De opname en het verblijf zijn noodzakelijk en geschikt om het ernstig nadeel te voorkomen of af te wenden, zoals bedoeld in artikel 24 lid 3 Wzd. Betrokkene heeft diverse brandwonden, door sigaretten en door knoeien met heet voedsel en drank. Hij is diverse keren naar huis gebracht door omstanders en politie, ook ’s nachts en onvoldoende gekleed. Thuiszorg geeft aan dat dagelijkse zorg niet meer voldoende is en hij een 24-uurs setting nodig heeft voor de noodzakelijk zorg. Betrokkene is sinds 2015 rolstoel gebonden ten gevolge van een mislukte herniaoperatie. Hij wordt iedere ochtend en avond gemobiliseerd, hij kan dit ook zelf, omdat hij nog enige sta-functie heeft.
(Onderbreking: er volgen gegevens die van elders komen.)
(* Let $P$ be a set of $n\geq 5$ points in general position in the plane. Then $\operatorname{diam}(D(P))\in\{2,3,4\}$ if $n=5$, $\operatorname{diam}(D(P))\in\{2,3\}$ if $n\in\{6,7,8\}$, and $\operatorname{diam}(D(P))=2$ if $n\geq 9$.
   Context: A set of points in the plane is in general position if no three of its points are collinear. The disjointness graph of segments $D(P)$ of $P$ is the graph whose vertices are all $\binom{n}{2}$ closed straight-line segments with both endpoints in $P$, two such segments being adjacent if and only if they are disjoint. The diameter $\operatorname{diam}(G)$ of a connected graph $G$ is the largest distance (length of a shortest path) between two vertices of $G$. *)

From mathcomp Require Import all_boot all_order all_algebra.
From mathcomp Require Import reals.
Set Implicit Arguments. Unset Strict Implicit. Unset Printing Implicit Defensive.
Import Order.TTheory GRing.Theory Num.Theory.
Local Open Scope ring_scope.

Section Disj.
Variables (R : realType) (n : nat) (p : 'I_n -> R * R).

Definition on_closed_segment (a b x : R * R) : Prop :=
  exists t : R, 0 <= t /\ t <= 1 /\
    x.1 = (1 - t) * a.1 + t * b.1 /\ x.2 = (1 - t) * a.2 + t * b.2.

Definition det3 (a b c : R * R) : R :=
  (b.1 - a.1) * (c.2 - a.2) - (b.2 - a.2) * (c.1 - a.1).

Definition general_position : Prop :=
  forall i j k : 'I_n, i != j -> j != k -> i != k -> det3 (p i) (p j) (p k) != 0.

(* Vertices of D(P): segments with both endpoints in P, encoded by the
   2-element set of endpoint indices. *)
Definition is_segment (S : {set 'I_n}) : Prop := #|S| = 2%N.

Definition on_seg (S : {set 'I_n}) (x : R * R) : Prop :=
  exists i j : 'I_n, S = [set i; j] /\ on_closed_segment (p i) (p j) x.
Echter komt het steeds vaker voor, dat betrokkene valt tijdens deze mobilisaties.
2.8.
Er zijn geen minder ingrijpende mogelijkheden om het ernstig nadeel te voorkomen of af te wenden.
2.9.
Gebleken is dat betrokkene zich verzet tegen de opname en het verblijf. Betrokkene wil naar huis en geeft aan dat hij nog alles zelf kan doen. Hij heeft geen hulp nodig.
2.10.
Gelet op het voorgaande is voldaan aan de criteria voor verlening van een rechterlijke machtiging tot opname en verblijf als bedoeld in de Wzd. De machtiging zal worden verleend voor de (gevraagde) duur van zes maanden, en geldt dus tot en met uiterlijk 5 januari 2022.

3.Beslissing

De rechtbank:
3.1.
verleent een machtiging tot opname en verblijf ten aanzien van
[betrokkene] ,
geboren te [geboorteplaats] op [geboortedatum] ,
3.2.
bepaalt dat deze machtiging geldt met ingang van heden tot en met uiterlijk
5 januari 2022.
Deze beschikking is op 5 juli 2021 mondeling gegeven door mr. C.M.W. Nobis, rechter en in het openbaar uitgesproken bijgestaan door I.W.F. Gordijn-Özacar als griffier, en op 12 juli 2021 schriftelijk uitgewerkt en ondertekend.
Tegen deze beschikking staat het rechtsmiddel van cassatie open.